(Stored items)
(* Let $d\ge1$, let $(\varphi_n)_{n=0}^\infty$ with $\varphi_0\equiv1$ be a basis in $H(\mathbb{C}^d)$, and let $K\subset K_1$ be compact subsets of $\mathbb{C}^d$ such that for every entire function $h=\sum_{n=0}^\infty h_n\varphi_n$ we have $\sum_{n=0}^\infty|h_n|\,|\varphi_n|_K\le |h|_{K_1}$. Suppose $G\supset K_1$ is a domain in $\mathbb{C}^d$ such that $(\varphi_n)$ (restricted to $G$) is also a basis of $H(G)$. Then for every bounded holomorphic function $f$ on $G$ with expansion $f=\sum_{n=0}^\infty f_n\varphi_n$ in $H(G)$, $$\sum_{n=0}^\infty |f_n|\,|\varphi_n|_K\le \sup_{z\in G}|f(z)|.$$
   Context: $H(G)$ is the space of holomorphic functions on a domain $G$ with the topology of uniform convergence on compact subsets; a basis of $H(G)$ is a sequence such that every $f\in H(G)$ has a unique expansion $f=\sum f_n\varphi_n$ converging uniformly on compact subsets of $G$. $|f|_K:=\sup_K|f|$. *)

From Stdlib Require Fin.
From Stdlib Require Import Reals ClassicalEpsilon.
Open Scope R_scope.

Definition CC := (R * R)%type.
Definition CC0 : CC := (0, 0).
Definition CC1 : CC := (1, 0).
Definition Cadd (a b : CC) : CC := (fst a + fst b, snd a + snd b).
Definition Csub (a b : CC) : CC := (fst a - fst b, snd a - snd b).
Definition Cmul (a b : CC) : CC :=
  (fst a * fst b - snd a * snd b, fst a * snd b + snd a * fst b).
Definition Cnorm (a : CC) : R := sqrt (fst a * fst a + snd a * snd a).

Definition Cd (d : nat) := Fin.t d -> CC.

Fixpoint Fsum (d : nat) : (Fin.t d -> CC) -> CC :=
  match d return (Fin.t d -> CC) -> CC with
  | O => fun _ => CC0
  | S d' => fun a => Cadd (a Fin.F1) (Fsum d' (fun i => a (Fin.FS i)))
  end.

Fixpoint Fmax (d : nat) : (Fin.t d -> R) -> R :=
  match d return (Fin.t d -> R) -> R with
  | O => fun _ => 0
  | S d' => fun a => Rmax (a Fin.F1) (Fmax d' (fun i => a (Fin.FS i)))
  end.

Definition dist {d : nat} (z w : Cd d) : R :=
  Fmax d (fun i => Cnorm (Csub (w i) (z i))).

Definition is_open {d : nat} (U : Cd d -> Prop) : Prop :=
  forall z, U z -> exists r, 0 < r /\ forall w, dist z w < r -> U w.

Definition is_connected {d : nat} (U : Cd d -> Prop) : Prop :=
  forall A B : Cd d -> Prop, is_open A -> is_open B ->
    (forall z, U z -> A z \/ B z) ->
    (forall z, U z -> A z -> B z -> False) ->
    (exists z, U z /\ A z) -> (exists z, U z /\ B z) -> False.

Definition is_domain {d : nat} (G : Cd d -> Prop) : Prop :=
  is_open G /\ (exists z, G z) /\ is_connected G.

Definition is_compact {d : nat} (K : Cd d -> Prop) : Prop :=
  forall u : nat -> Cd d, (forall n, K (u n)) ->
    exists sub : nat -> nat, (forall n, (sub n < sub (S n))%nat) /\
      exists l, K l /\
        forall eps, 0 < eps -> exists N, forall n, (N <= n)%nat ->
          dist (u (sub n)) l < eps.

Definition Cdiff_at {d : nat} (f : Cd d -> CC) (z : Cd d) : Prop :=
  exists a : Fin.t d -> CC,
    forall eps, 0 < eps -> exists delta, 0 < delta /\
      forall w, dist z w < delta ->
        Cnorm (Csub (f w) (Cadd (f z) (Fsum d (fun i => Cmul (a i) (Csub (w i) (z i))))))
          <= eps * dist z w.

Definition holo {d : nat} (G : Cd d -> Prop) (f : Cd d -> CC) : Prop :=
  is_open G /\ forall z, G z -> Cdiff_at f z.

Definition whole {d : nat} : Cd d -> Prop := fun _ => True.

Fixpoint Cpsum (a : nat -> CC) (N : nat) : CC :=
  match N with
  | O => a O
  | S N' => Cadd (Cpsum a N') (a N)
  end.

Definition expands {d : nat} (G : Cd d -> Prop) (phi : nat -> Cd d -> CC)
  (c : nat -> CC) (f : Cd d -> CC) : Prop :=
  forall K, is_compact K -> (forall z, K z -> G z) ->
    forall eps, 0 < eps -> exists N, forall n, (N <= n)%nat ->
      forall z, K z -> Cnorm (Csub (Cpsum (fun k => Cmul (c k) (phi k z)) n) (f z)) <= eps.

Definition is_basis {d : nat} (G : Cd d -> Prop) (phi : nat -> Cd d -> CC) : Prop :=
  (forall n, holo G (phi n)) /\
  forall f, holo G f ->
    exists c, expands G phi c f /\ forall c', expands G phi c' f -> c' = c.

(* |g|_K = sup_K |g|, with the convention |g|_emptyset = 0 *)
Definition supnorm {d : nat} (K : Cd d -> Prop) (g : Cd d -> CC) : R :=
  epsilon (inhabits 0)
    (fun s => is_lub (fun x => x = 0 \/ exists z, K z /\ x = Cnorm (g z)) s).

From Pilot Require Import Defs.
From Stdlib Require Import Reals.
From Stdlib Require Import Lra Lia Psatz ClassicalEpsilon.
Open Scope R_scope.

(* Let f = sum c_n phi_n in H(G) be bounded, with s = sup_G |f|.
   The partial sums S_N = sum_{n <= N} c_n phi_n are finite combinations of
   entire functions, hence entire, and they expand in H(C^d) with the
   truncated coefficient sequence (c_0, ..., c_N, 0, 0, ...).  The hypothesis
   on K and K1 therefore gives, for N' <= N,
       sum_{n <= N'} |c_n| |phi_n|_K  <=  |S_N|_K1.
   Since K1 is a compact subset of G, S_N -> f uniformly on K1, so
   |S_N|_K1 <= s + eps for N large; letting eps -> 0 proves the theorem. *)

Lemma CC_ext (p q : CC) : fst p = fst q -> snd p = snd q -> p = q.
Proof. destruct p, q; simpl; intros; subst; auto. Qed.

Lemma Cnorm_nonneg (x : CC) : 0 <= Cnorm x.
Proof. apply sqrt_pos. Qed.

Lemma Cnorm_triangle (x y : CC) : Cnorm (Cadd x y) <= Cnorm x + Cnorm y.
Proof.
  destruct x as [a b], y as [c d]; unfold Cnorm, Cadd; simpl.
  set (A := a * a + b * b); set (C := c * c + d * d).
  assert (hA : 0 <= A) by (unfold A; nra).
  assert (hC : 0 <= C) by (unfold C; nra).
  pose proof (sqrt_pos A) as sA; pose proof (sqrt_pos C) as sC.
  pose proof (sqrt_sqrt A hA) as eA; pose proof (sqrt_sqrt C hC) as eC.
  assert (cauchy_schwarz : a * c + b * d <= sqrt A * sqrt C).
  { assert (hsq : (a * c + b * d) * (a * c + b * d) <= A * C)
      by (unfold A, C; pose proof (pow2_ge_0 (a * d - b * c)); nra).
    assert (hprod : (sqrt A * sqrt C) * (sqrt A * sqrt C) = A * C)
      by (transitivity ((sqrt A * sqrt A) * (sqrt C * sqrt C)); [ring | rewrite eA, eC; ring]).
    pose proof (Rmult_le_pos _ _ sA sC); nra. }
  rewrite <- (sqrt_Rsqr (sqrt A + sqrt C)) by lra.
  apply sqrt_le_1_alt; unfold Rsqr, A, C in *; nra.
Qed.

Lemma Cnorm_mul (x y : CC) : Cnorm (Cmul x y) = Cnorm x * Cnorm y.
Proof.
  destruct x as [a b], y as [c d]; unfold Cnorm, Cmul; simpl.
  rewrite <- sqrt_mult by nra; f_equal; ring.
Qed.

Lemma Cnorm_Csub_self (x : CC) : Cnorm (Csub x x) = 0.
Proof.
  unfold Cnorm, Csub; simpl.
  replace (_ * _ + _ * _) with 0 by ring; apply sqrt_0.
Qed.

Lemma Cnorm_le_sub (x y : CC) : Cnorm x <= Cnorm (Csub x y) + Cnorm y.
Proof.
  replace x with (Cadd (Csub x y) y) at 1
    by (apply CC_ext; unfold Cadd, Csub; simpl; ring).
  apply Cnorm_triangle.
Qed.

Lemma Fmax_nonneg (d : nat) (u : Fin.t d -> R) : (forall i, 0 <= u i) -> 0 <= Fmax d u.
Proof.
  induction d as [|d IH]; simpl; intros hu; [lra|].
  eapply Rle_trans; [apply (IH (fun i => u (Fin.FS i))); auto | apply Rmax_r].
Qed.

Lemma dist_nonneg (d : nat) (z w : Cd d) : 0 <= Defs.dist z w.
Proof. apply Fmax_nonneg; intros; apply Cnorm_nonneg. Qed.

Lemma Fsum_Cadd (d : nat) (a b x : Fin.t d -> CC) :
  Fsum d (fun i => Cmul (Cadd (a i) (b i)) (x i)) =
  Cadd (Fsum d (fun i => Cmul (a i) (x i))) (Fsum d (fun i => Cmul (b i) (x i))).
Proof.
  induction d as [|d IH]; simpl.
  - apply CC_ext; unfold Cadd, CC0; simpl; ring.
  - rewrite (IH (fun i => a (Fin.FS i)) (fun i => b (Fin.FS i)) (fun i => x (Fin.FS i))).
    apply CC_ext; unfold Cadd, Cmul; simpl; ring.
Qed.

Lemma Fsum_Cmul (d : nat) (k : CC) (a x : Fin.t d -> CC) :
  Fsum d (fun i => Cmul (Cmul k (a i)) (x i)) = Cmul k (Fsum d (fun i => Cmul (a i) (x i))).
Proof.
  induction d as [|d IH]; simpl.
  - apply CC_ext; unfold Cmul, CC0; simpl; ring.
  - rewrite (IH (fun i => a (Fin.FS i)) (fun i => x (Fin.FS i))).
    apply CC_ext; unfold Cadd, Cmul; simpl; ring.
Qed.

Lemma Cdiff_add (d : nat) (f g : Cd d -> CC) (z : Cd d) :
  Cdiff_at f z -> Cdiff_at g z -> Cdiff_at (fun w => Cadd (f w) (g w)) z.
Proof.
  intros [a Ha] [b Hb]; exists (fun i => Cadd (a i) (b i)); intros eps heps.
  destruct (Ha (eps / 2)) as [d1 [hd1 H1]]; [lra|].
  destruct (Hb (eps / 2)) as [d2 [hd2 H2]]; [lra|].
  exists (Rmin d1 d2); split; [apply Rmin_pos; auto|]; intros w hw.
  rewrite Fsum_Cadd.
  specialize (H1 w (Rlt_le_trans _ _ _ hw (Rmin_l _ _))).
  specialize (H2 w (Rlt_le_trans _ _ _ hw (Rmin_r _ _))).
  set (Rf := Csub (f w) (Cadd (f z) (Fsum d (fun i => Cmul (a i) (Csub (w i) (z i)))))) in H1.
  set (Rg := Csub (g w) (Cadd (g z) (Fsum d (fun i => Cmul (b i) (Csub (w i) (z i)))))) in H2.
  assert (remainder : Csub (Cadd (f w) (g w)) (Cadd (Cadd (f z) (g z))
      (Cadd (Fsum d (fun i => Cmul (a i) (Csub (w i) (z i))))
            (Fsum d (fun i => Cmul (b i) (Csub (w i) (z i)))))) = Cadd Rf Rg)
    by (apply CC_ext; unfold Rf, Rg, Cadd, Csub; simpl; ring).
  rewrite remainder; eapply Rle_trans; [apply Cnorm_triangle | lra].
Qed.

Lemma Cdiff_scal (d : nat) (k : CC) (f : Cd d -> CC) (z : Cd d) :
  Cdiff_at f z -> Cdiff_at (fun w => Cmul k (f w)) z.
Proof.
  intros [a Ha]; exists (fun i => Cmul k (a i)); intros eps heps.
  pose proof (Cnorm_nonneg k) as hk.
  destruct (Ha (eps / (Cnorm k + 1))) as [delta [hdelta H1]].
  { apply Rdiv_lt_0_compat; lra. }
  exists delta; split; auto; intros w hw.
  rewrite Fsum_Cmul.
  specialize (H1 w hw).
  set (Rf := Csub (f w) (Cadd (f z) (Fsum d (fun i => Cmul (a i) (Csub (w i) (z i)))))) in H1.
  assert (remainder : Csub (Cmul k (f w)) (Cadd (Cmul k (f z))
      (Cmul k (Fsum d (fun i => Cmul (a i) (Csub (w i) (z i)))))) = Cmul k Rf)
    by (apply CC_ext; unfold Rf, Cadd, Csub, Cmul; simpl; ring).
  rewrite remainder, Cnorm_mul.
  pose proof (dist_nonneg d z w).
  assert (hfactor : Cnorm k * (eps / (Cnorm k + 1)) <= eps).
  { apply (Rmult_le_reg_r (Cnorm k + 1)); [lra|].
    replace (Cnorm k * (eps / (Cnorm k + 1)) * (Cnorm k + 1)) with (Cnorm k * eps)
      by (field; lra).
    nra. }
  apply Rle_trans with (Cnorm k * (eps / (Cnorm k + 1) * Defs.dist z w)).
  - apply Rmult_le_compat_l; auto.
  - rewrite <- Rmult_assoc; apply Rmult_le_compat_r; auto.
Qed.

Lemma whole_open (d : nat) : is_open (@whole d).
Proof. intros z _; exists 1; split; [lra | intros; exact I]. Qed.

Definition partial_sum {d : nat} (c : nat -> CC) (phi : nat -> Cd d -> CC)
  (N : nat) (w : Cd d) : CC :=
  Cpsum (fun k => Cmul (c k) (phi k w)) N.

Definition truncate (c : nat -> CC) (N k : nat) : CC :=
  if Nat.leb k N then c k else CC0.

Lemma partial_sum_holo (d : nat) (G : Cd d -> Prop) (phi : nat -> Cd d -> CC)
  (c : nat -> CC) (N : nat) :
  is_open G -> (forall k, holo G (phi k)) -> holo G (partial_sum c phi N).
Proof.
  intros hopen hphi; split; [exact hopen|]; intros z Gz.
  unfold partial_sum; induction N as [|N IH]; simpl.
  - apply Cdiff_scal, (proj2 (hphi O)), Gz.
  - apply (Cdiff_add d (fun w => Cpsum (fun k => Cmul (c k) (phi k w)) N)); [exact IH|].
    apply Cdiff_scal, (proj2 (hphi (S N))), Gz.
Qed.

Lemma Cpsum_ext (u v : nat -> CC) (n : nat) :
  (forall k, (k <= n)%nat -> u k = v k) -> Cpsum u n = Cpsum v n.
Proof.
  induction n as [|n IH]; simpl; intros huv.
  - apply huv; lia.
  - rewrite IH by (intros; apply huv; lia); rewrite huv by lia; reflexivity.
Qed.

Lemma partial_sum_truncate (d : nat) (c : nat -> CC) (phi : nat -> Cd d -> CC)
  (N n : nat) (w : Cd d) :
  (N <= n)%nat -> partial_sum (truncate c N) phi n w = partial_sum c phi N w.
Proof.
  intros hNn; unfold partial_sum.
  induction hNn as [|n hNn IH]; simpl.
  - apply Cpsum_ext; intros k hk; unfold truncate.
    replace (Nat.leb k N) with true by (symmetry; apply Nat.leb_le; lia).
    reflexivity.
  - rewrite IH; unfold truncate.
    replace (Nat.leb (S n) N) with false by (symmetry; apply Nat.leb_gt; lia).
    apply CC_ext; unfold Cadd, Cmul, CC0; simpl; ring.
Qed.

Lemma expands_partial_sum (d : nat) (G : Cd d -> Prop) (phi : nat -> Cd d -> CC)
  (c : nat -> CC) (N : nat) :
  expands G phi (truncate c N) (partial_sum c phi N).
Proof.
  intros L _ _ eps heps; exists N; intros n hn z _.
  change (Cpsum _ n) with (partial_sum (truncate c N) phi n z).
  rewrite partial_sum_truncate, Cnorm_Csub_self by exact hn; lra.
Qed.

Lemma sum_truncate (c : nat -> CC) (a : nat -> R) (N M : nat) :
  (M <= N)%nat ->
  sum_f_R0 (fun n => Cnorm (truncate c N n) * a n) M = sum_f_R0 (fun n => Cnorm (c n) * a n) M.
Proof.
  intros hMN; apply sum_eq; intros n hn; unfold truncate.
  replace (Nat.leb n N) with true by (symmetry; apply Nat.leb_le; lia).
  reflexivity.
Qed.

Definition supnorm_set {d : nat} (K : Cd d -> Prop) (g : Cd d -> CC) (x : R) : Prop :=
  x = 0 \/ exists z, K z /\ x = Cnorm (g z).

Lemma supnorm_is_lub (d : nat) (K : Cd d -> Prop) (g : Cd d -> CC) (b : R) :
  (forall z, K z -> Cnorm (g z) <= b) -> is_lub (supnorm_set K g) (supnorm K g).
Proof.
  intros hb; unfold supnorm; apply epsilon_spec.
  destruct (completeness (supnorm_set K g)) as [m hm].
  - exists (Rmax b 0); intros x [-> | [z [Kz ->]]]; [apply Rmax_r|].
    eapply Rle_trans; [apply hb, Kz | apply Rmax_l].
  - exists 0; left; reflexivity.
  - exists m; exact hm.
Qed.

Lemma supnorm_upper (d : nat) (K : Cd d -> Prop) (g : Cd d -> CC) (b : R) (z : Cd d) :
  (forall w, K w -> Cnorm (g w) <= b) -> K z -> Cnorm (g z) <= supnorm K g.
Proof.
  intros hb Kz; apply (supnorm_is_lub d K g b hb); right; exists z; auto.
Qed.

Lemma supnorm_nonneg_of_bounded (d : nat) (K : Cd d -> Prop) (g : Cd d -> CC) (b : R) :
  (forall w, K w -> Cnorm (g w) <= b) -> 0 <= supnorm K g.
Proof.
  intros hb; apply (supnorm_is_lub d K g b hb); left; reflexivity.
Qed.

Lemma supnorm_least (d : nat) (K : Cd d -> Prop) (g : Cd d -> CC) (b : R) :
  0 <= b -> (forall z, K z -> Cnorm (g z) <= b) -> supnorm K g <= b.
Proof.
  intros hb0 hb; apply (supnorm_is_lub d K g b hb).
  intros x [-> | [z [Kz ->]]]; auto.
Qed.

Lemma supnorm_partial_sum_le (d : nat) (G K1 : Cd d -> Prop) (phi : nat -> Cd d -> CC)
  (c : nat -> CC) (f : Cd d -> CC) (s eps : R) :
  is_compact K1 -> (forall z, K1 z -> G z) -> expands G phi c f ->
  0 <= s -> (forall z, G z -> Cnorm (f z) <= s) -> 0 < eps ->
  exists N0, forall N, (N0 <= N)%nat -> supnorm K1 (partial_sum c phi N) <= s + eps.
Proof.
  intros hK1 hK1G hc hs hfs heps.
  destruct (hc K1 hK1 hK1G eps heps) as [N0 hN0].
  exists N0; intros N hN; apply supnorm_least; [lra|]; intros z K1z.
  eapply Rle_trans; [apply (Cnorm_le_sub _ (f z))|].
  pose proof (hN0 N hN z K1z); pose proof (hfs z (hK1G z K1z)).
  unfold partial_sum; lra.
Qed.

Theorem mainTheorem4 (d : nat) (hd : (1 <= d)%nat)
  (phi : nat -> Cd d -> CC)
  (hphi0 : forall z, phi O z = CC1)
  (hbasis : is_basis whole phi)
  (K K1 : Cd d -> Prop)
  (hK : is_compact K) (hK1 : is_compact K1) (hKK1 : forall z, K z -> K1 z)
  (hineq : forall (h : Cd d -> CC) (c : nat -> CC),
     holo whole h -> expands whole phi c h ->
     forall N, sum_f_R0 (fun n => Cnorm (c n) * supnorm K (phi n)) N <= supnorm K1 h)
  (G : Cd d -> Prop) (hG : is_domain G) (hK1G : forall z, K1 z -> G z)
  (hbasisG : is_basis G phi)
  (f : Cd d -> CC) (hf : holo G f) (hfb : exists M, forall z, G z -> Cnorm (f z) <= M)
  (c : nat -> CC) (hc : expands G phi c f) :
  forall N, sum_f_R0 (fun n => Cnorm (c n) * supnorm K (phi n)) N <= supnorm G f.
Proof.
  intros N'; destruct hfb as [M hM].
  assert (hs : 0 <= supnorm G f) by exact (supnorm_nonneg_of_bounded d G f M hM).
  assert (hfs : forall z, G z -> Cnorm (f z) <= supnorm G f)
    by (intros z Gz; exact (supnorm_upper d G f M z hM Gz)).
  apply Rle_plus_epsilon; intros eps heps.
  destruct (supnorm_partial_sum_le d G K1 phi c f _ eps hK1 hK1G hc hs hfs heps)
    as [N0 hN0].
  set (N := Nat.max N0 N').
  assert (hSN : holo whole (partial_sum c phi N)).
  { apply partial_sum_holo; [apply whole_open | apply hbasis]. }
  pose proof (hineq _ _ hSN (expands_partial_sum d whole phi c N) N') as hKK1S.
  rewrite sum_truncate in hKK1S by lia.
  pose proof (hN0 N (Nat.le_max_l _ _)); lra.
Qed.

▸ Work instructions
How many of the lines above include the word "left"? Give that number without comment.

▸ Output for this task
2